Oleanolic Acid Acetate Alleviates Symptoms of Experimental Autoimmune Encephalomyelitis in Mice by Regulating Toll-Like Receptor 2 Signaling

Toll-like receptor 2 (TLR2) is expressed by several immune cells in the central nervous system and plays an important role in neuroinflammation. Moreover, TLR2 up-regulation has been reported in multiple sclerosis (MS) patients and in experimental autoimmune encephalomyelitis (EAE), a mouse model for multiple sclerosis. Therefore, finding a drug that modulates TLR2 signaling is important for MS treatment. Oleanolic acid acetate (OAA) has anti-inflammatory and immunomodulatory effects. Hence, this study aimed to examine the effects of OAA on TLR2 signaling and neuroinflammation in EAE. EAE was induced in C57/BL6 mice using synthesized myelin oligodendrocyte glycoprotein (MOG) 35-55 peptide, and OAA was administered every day.
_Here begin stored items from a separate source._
(* With the notation of the context, for every $i\in\{1,\dots,n\}$: (1) if the indecomposable module $L(i,k)$ exists, then $0<k<2n$; (2) $\ell(P_i)=n+\inf\{r\in\mathbb{N}\mid\sigma^r(i)\in\Delta\}$; in particular $n\leqslant\ell(P_i)<2n$; (3) if $n\leqslant k<\ell(P_i)$, then $\ell(P_{\sigma^k(i)})=\ell(P_i)-(k-n)$; (4) if $0<k<\ell(P_i)$, then $\Omega(L(i,k))\cong L(\sigma^k(i),\ell(P_i)-k)$.
   Context: Let $K$ be a field, $n\geqslant2$, $Q$ the cyclic quiver with vertices $1,\dots,n$ and arrows $\alpha_i:i\to i+1$ ($1\leqslant i\leqslant n-1$), $\alpha_n:n\to1$, paths composed right to left. Let $\rho_1=\alpha_n\cdots\alpha_1$ and $\rho_i=\alpha_{i-1}\cdots\alpha_1\alpha_n\cdots\alpha_i$ for $2\leqslant i\leqslant n$. Fix $1\leqslant m\leqslant n$ and $\Delta=\{\lambda_1<\cdots<\lambda_m\}\subseteq\{1,\dots,n\}$, and let $A_{n,m}=KQ/\langle\rho_\lambda:\lambda\in\Delta\rangle$, with Jacobson radical $J$. Modules are finitely generated left $A_{n,m}$-modules. $e_i$ is the idempotent at vertex $i$, $P_i=A_{n,m}e_i$, $S_i=P_i/Je_i$. The Loewy length is $\ell(M)=\min\{s\geqslant1: J^sM=0\}$. $L(i,k)$ denotes the indecomposable module with top $S_i$ and Loewy length $k$ (i.e. $P_i/J^kP_i$ for $1\leqslant k\leqslant\ell(P_i)$). $\sigma$ is the permutation of $\{1,\dots,n\}$ with $\sigma(i)=i+1$ for $i<n$ and $\sigma(n)=1$; $\sigma^r$ its $r$-th power, $\sigma^0=\mathrm{id}$. $\Omega(M)$ is the kernel of a projective cover of $M$. *)

(* Modules over A_{n,m} = KQ/<rho_lambda> are encoded as
   finite-dimensional representations of the cyclic quiver Q bound by the
   relations rho_lambda (lambda in Delta).  Vertices 1..n are 'I_n (vertex v
   is the ordinal v-1); sigma is the cyclic successor ordS. Row-vector
   convention: the arrow alpha_i : i -> sigma i acts by v |-> v *m mor M i. *)
From HB Require Import structures.
From mathcomp Require Import all_boot all_algebra.
Set Implicit Arguments. Unset Strict Implicit. Unset Printing Implicit Defensive.
Import GRing.Theory.
Local Open Scope ring_scope.

Section Nakayama.
Variable K : fieldType.
Variable n : nat.

Definition sigma (i : 'I_n) : 'I_n := ordS i.

Record rep := Rep {
  dimv : 'I_n -> nat;
  mor : forall i : 'I_n, 'M[K]_(dimv i, dimv (sigma i)) }.

Fixpoint pathmx (M : rep) (s : nat) (i : 'I_n)
  : 'M[K]_(dimv M i, dimv M (iter s sigma i)) :=
  match s return 'M[K]_(dimv M i, dimv M (iter s sigma i)) with
  | 0 => 1%:M
  | s'.+1 => pathmx M s' i *m mor M (iter s' sigma i)
  end.

(* M is an A_{n,m}-module: every rho_lambda (lambda in Delta) acts as 0;
   rho_lambda is the path of length n starting (and ending) at lambda *)
Definition is_mod (Delta : {set 'I_n}) (M : rep) : Prop :=
  forall l, l \in Delta -> pathmx M n l = 0.

Definition homT (M N : rep) := forall i : 'I_n, 'M[K]_(dimv M i, dimv N i).
Definition is_hom (M N : rep) (f : homT M N) : Prop :=
  forall i, mor M i *m f (sigma i) = f i *m mor N i.
Definition hom_surj (M N : rep) (f : homT M N) : Prop :=
  forall i, row_full (f i).
Definition hom_inj (M N : rep) (f : homT M N) : Prop :=
  forall i, row_free (f i).

Definition subT (M : rep) := forall i : 'I_n, 'M[K]_(dimv M i).
Definition is_sub (M : rep) (U : subT M) : Prop :=
  forall i, (U i *m mor M i <= U (sigma i))%MS.

Definition indecomposable (M : rep) : Prop :=
  (exists i, 0 < dimv M i)%N /\
  forall U V : subT M, is_sub U -> is_sub V ->
    (forall i, (U i + V i == 1%:M)%MS && (U i :&: V i == (0 : 'M[K]_(dimv M i)))%MS) ->
    (forall i, (U i == (0 : 'M[K]_(dimv M i)))%MS) \/
    (forall i, (V i == (0 : 'M[K]_(dimv M i)))%MS).

(* J^s M = 0 : J is the arrow ideal (= Jacobson radical of A_{n,m}),
   J^s M is spanned by the images of the paths of length s *)
Definition Jpow_zero (M : rep) (s : nat) : Prop :=
  forall i, pathmx M s i = 0.

Definition loewy_length (M : rep) (k : nat) : Prop :=
  (1 <= k)%N /\ Jpow_zero M k /\ forall s, (1 <= s < k)%N -> ~ Jpow_zero M s.

Definition simple_rep (i : 'I_n) : rep :=
  @Rep (fun j => nat_of_bool (j == i)) (fun j => 0).

(* top M = M/JM is isomorphic to S_i: there is an epimorphism M -> S_i whose
   kernel is JM; (JM) at vertex sigma j is the image of alpha_j *)
Definition top_is (i : 'I_n) (M : rep) : Prop :=
  exists f : homT M (simple_rep i),
    is_hom f /\ hom_surj f /\
    forall j, (kermx (f (sigma j)) == mor M j)%MS.

Definition isL (Delta : {set 'I_n}) (i : 'I_n) (k : nat) (M : rep) : Prop :=
  is_mod Delta M /\ indecomposable M /\ top_is i M /\ loewy_length M k.
(* Suppose that $\Lambda$ is a row-finite $k$-graph with no sources. If there exists a vector $\xi \in \mathbb{R}^{\Lambda^0}_{>0}$ which is an eigenvector for each adjacency matrix $A_i$ of $\Lambda$, with eigenvalue $\beta_i$, then the formula $\mu(Z(\lambda)) := \beta^{-d(\lambda)} \xi_{s(\lambda)}$ ($\lambda\in\Lambda$) defines a measure on the Borel $\sigma$-algebra of $\Lambda^\infty$.
   Context: A $k$-graph is a countable small category $\Lambda$ with a functor $d:\Lambda\to\mathbb{N}^k$ with unique factorization; vertices $\Lambda^0$, range/source $r,s$; $v\Lambda^n w$ the paths of degree $n$ with range $v$ and source $w$; row-finite/no sources: $v\Lambda^n$ finite/nonempty. The adjacency matrices are $A_i(v,w)=|v\Lambda^{e_i}w|$, $1\le i\le k$. For $n\in\mathbb{Z}^k$, $\beta^n=\beta_1^{n_1}\cdots\beta_k^{n_k}$. $\Lambda^\infty$ is the set of infinite paths (degree-preserving functors $\Omega_k\to\Lambda$, where $\Omega_k$ has morphisms $(m,n)$ with $m\le n$ in $\mathbb{N}^k$), $Z(\lambda)$ the cylinder set of infinite paths beginning with $\lambda$; the cylinder sets generate the topology and the Borel $\sigma$-algebra. *)

From mathcomp Require Import all_boot all_order all_algebra.
From mathcomp Require Import all_classical all_reals all_analysis.
Set Implicit Arguments. Unset Strict Implicit. Unset Printing Implicit Defensive.
Import Order.TTheory GRing.Theory Num.Theory.
Local Open Scope classical_set_scope.
Local Open Scope ring_scope.

Definition Nk (k : nat) := {ffun 'I_k -> nat}.
Definition addk k (m n : Nk k) : Nk k := [ffun i => (m i + n i)%N].
Definition subk k (n m : Nk k) : Nk k := [ffun i => (n i - m i)%N].
Definition zerok k : Nk k := [ffun => 0%N].
Definition ek k (i : 'I_k) : Nk k := [ffun j => nat_of_bool (j == i)].
Definition lek k (m n : Nk k) : bool := [forall i, (m i <= n i)%N].

(* A k-graph: a countable small category (objects [kvert], morphisms [kpath],
   range/source [krng]/[ksrc], composition [kcomp l m] = "l m" meaningful when
   [ksrc l = krng m], identities [kid]) with a degree functor [kdeg] into N^k
   satisfying unique factorization. *)
Record kgraph (k : nat) := KGraph {
  kvert : countType;
  kpath : countType;
  krng : kpath -> kvert;
  ksrc : kpath -> kvert;
  kcomp : kpath -> kpath -> kpath;
  kid : kvert -> kpath;
  kdeg : kpath -> Nk k;
  rng_comp : forall l m, ksrc l = krng m -> krng (kcomp l m) = krng l;
  src_comp : forall l m, ksrc l = krng m -> ksrc (kcomp l m) = ksrc m;
  comp_assoc : forall l m n, ksrc l = krng m -> ksrc m = krng n ->
    kcomp (kcomp l m) n = kcomp l (kcomp m n);
  rng_idp : forall v, krng (kid v) = v;
  src_idp : forall v, ksrc (kid v) = v;
  comp_idl : forall l, kcomp (kid (krng l)) l = l;
  comp_idr : forall l, kcomp l (kid (ksrc l)) = l;
  deg_comp : forall l m, ksrc l = krng m -> kdeg (kcomp l m) = addk (kdeg l) (kdeg m);
  deg_idp : forall v, kdeg (kid v) = zerok k;
  unique_factorization : forall l (m n : Nk k), kdeg l = addk m n ->
    exists! p : kpath * kpath,
      [/\ ksrc p.1 = krng p.2, kdeg p.1 = m, kdeg p.2 = n & l = kcomp p.1 p.2]
}.

Section KGraphDefs.
Variables (k : nat) (L : kgraph k).

Definition paths_from (v : kvert L) (n : Nk k) : set (kpath L) :=
  [set l | krng l = v /\ kdeg l = n].
Definition paths_between (v : kvert L) (n : Nk k) (w : kvert L) : set (kpath L) :=
  [set l | [/\ krng l = v, kdeg l = n & ksrc l = w]].

Definition row_finite := forall v n, finite_set (paths_from v n).
Definition no_sources := forall v n, paths_from v n !=set0.

(* Adjacency matrix A_i(v,w) = |v Lambda^{e_i} w|, as an extended real
   (the cardinality, i.e. the counting sum of 1 over the set). *)
Definition adjacency (R : realType) (i : 'I_k) (v w : kvert L) : \bar R :=
  (\esum_(l in paths_between v (ek i) w) 1)%E.

(* Infinite paths: degree-preserving functors Omega_k -> Lambda, encoded by
   their action on morphisms (m,n), m <= n; off the domain (~~ m <= n) the
   value is normalised to x m m so that a functor has a unique encoding. *)
Definition is_inf_path (x : Nk k -> Nk k -> kpath L) : Prop :=
  [/\ forall m n, lek m n -> kdeg (x m n) = subk n m,
      forall m n p, lek m n -> lek n p ->
        ksrc (x m n) = krng (x n p) /\ kcomp (x m n) (x n p) = x m p,
      forall m, x m m = kid (krng (x m m))
    & forall m n, ~~ lek m n -> x m n = x m m].

Definition inf_path := {x : Nk k -> Nk k -> kpath L | is_inf_path x}.

Definition cylinder (l : kpath L) : set inf_path :=
  [set x | proj1_sig x (zerok k) (kdeg l) = l].

Definition cylinders : set (set inf_path) := [set cylinder l | l in setT].

Definition borel_inf_path : set (set inf_path) := <<s cylinders >>.

End KGraphDefs.

(* mu is a (positive, extended-real valued) measure on the sigma-algebra S:
   this is the literal content of the library's measure axioms
   (measure0, measure_ge0, measure_semi_sigma_additive) for a set system S. *)
Definition is_measure_on (R : realType) (T : Type) (S : set (set T))
    (mu : set T -> \bar R) : Prop :=
  [/\ mu set0 = 0%E,
      forall A, S A -> (0 <= mu A)%E
    & forall F : nat -> set T, (forall i, S (F i)) -> trivIset setT F ->
        ((fun n => \sum_(0 <= i < n) mu (F i))%E @ \oo --> mu (\bigcup_n F n))].

Definition beta_pow_neg (R : realType) k (beta : 'I_k -> R) (n : Nk k) : R :=
  \prod_(i < k) (beta i ^- n i).

From Pilot Require Import Defs.
From mathcomp Require Import all_boot all_order all_algebra.
From mathcomp Require Import all_classical all_reals all_analysis.
Import Order.TTheory GRing.Theory Num.Theory.
Local Open Scope classical_set_scope.
Local Open Scope ring_scope.
Set Implicit Arguments. Unset Strict Implicit. Unset Printing Implicit Defensive.

(* The measure is the image of Lebesgue measure under a coding of points of
   the real line by infinite paths.  Give each vertex v an interval of length
   xi_v, the intervals laid side by side, and cut the interval of a path l of
   degree (N,...,N) into consecutive pieces, one for each extension l q with
   d(q) = (1,...,1), of length beta^(-d(l q)) xi_(s(l q)).  The pieces exactly
   fill the interval because xi is a common eigenvector: summing
   beta^(-n) xi_(s(mu)) over mu in v Lambda^n gives xi_v.  A point t of the
   union of the vertex intervals thus lies in the intervals of a unique tower
   of square paths, which determines an infinite path code(t), and the
   preimage of Z(l) is the disjoint union of the intervals of the paths l mu
   with d(l mu) = (M,...,M), of total length beta^(-d(l)) xi_(s(l)). *)

Local Notation kcomp := Defs.kcomp.

Section Degrees.
Variable k : nat.
Implicit Types m n : Nk k.

Definition square N : Nk k := [ffun => N].
Definition sizek n := (\sum_(i < k) n i)%N.

Lemma addKk m n : subk (addk m n) m = n.
Proof. by apply/ffunP => i; rewrite !ffunE addKn. Qed.

Lemma subkK m n : lek m n -> addk m (subk n m) = n.
Proof. by move=> /forallP mn; apply/ffunP => i; rewrite !ffunE subnKC. Qed.

Lemma subkk n : subk n n = zerok k.
Proof. by apply/ffunP => i; rewrite !ffunE subnn. Qed.

Lemma lekk n : lek n n.
Proof. exact/forallP. Qed.

Lemma lek_trans m n p : lek m n -> lek n p -> lek m p.
Proof.
by move=> /forallP mn /forallP np; apply/forallP => i; exact: leq_trans (mn i) (np i).
Qed.

Lemma lek_addr m n : lek m (addk m n).
Proof. by apply/forallP => i; rewrite ffunE leq_addr. Qed.

Lemma le0k n : lek (zerok k) n.
Proof. by apply/forallP => i; rewrite ffunE. Qed.

Lemma lek_square M N : (M <= N)%N -> lek (square M) (square N).
Proof. by move=> MN; apply/forallP => i; rewrite !ffunE. Qed.

Lemma square0 : square 0 = zerok k.
Proof. by apply/ffunP => i; rewrite !ffunE. Qed.

Lemma squareS N : square N.+1 = addk (square N) (square 1).
Proof. by apply/ffunP => i; rewrite !ffunE addn1. Qed.

Lemma lek_square_sizek n : lek n (square (sizek n)).
Proof. by apply/forallP => i; rewrite ffunE /sizek (bigD1 i) //= leq_addr. Qed.

Lemma sizek_eq0 n : sizek n = 0%N -> n = zerok k.
Proof.
move=> n0; apply/ffunP => i; apply/eqP; rewrite ffunE -leqn0.
by have := forallP (lek_square_sizek n) i; rewrite ffunE n0.
Qed.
Hind limb paralysis and inflammatory cell infiltration were observed in the spinal cords of EAE model mice. Moreover, T-cell proliferation was significantly stimulated in splenic cells from EAE model mice. The expression of pro-inflammatory cytokines in the spinal cord was up-regulated, and their serum protein levels were also increased in EAE model mice. Furthermore, up-regulation of TLR2 and downstream signaling molecules was observed in the spinal cord. All these pathological changes were reversed by OAA treatment. Thus, based on our results in EAE, OAA might be a promising therapeutic agent and the TLR signaling pathway a useful therapeutic target for multiple sclerosis.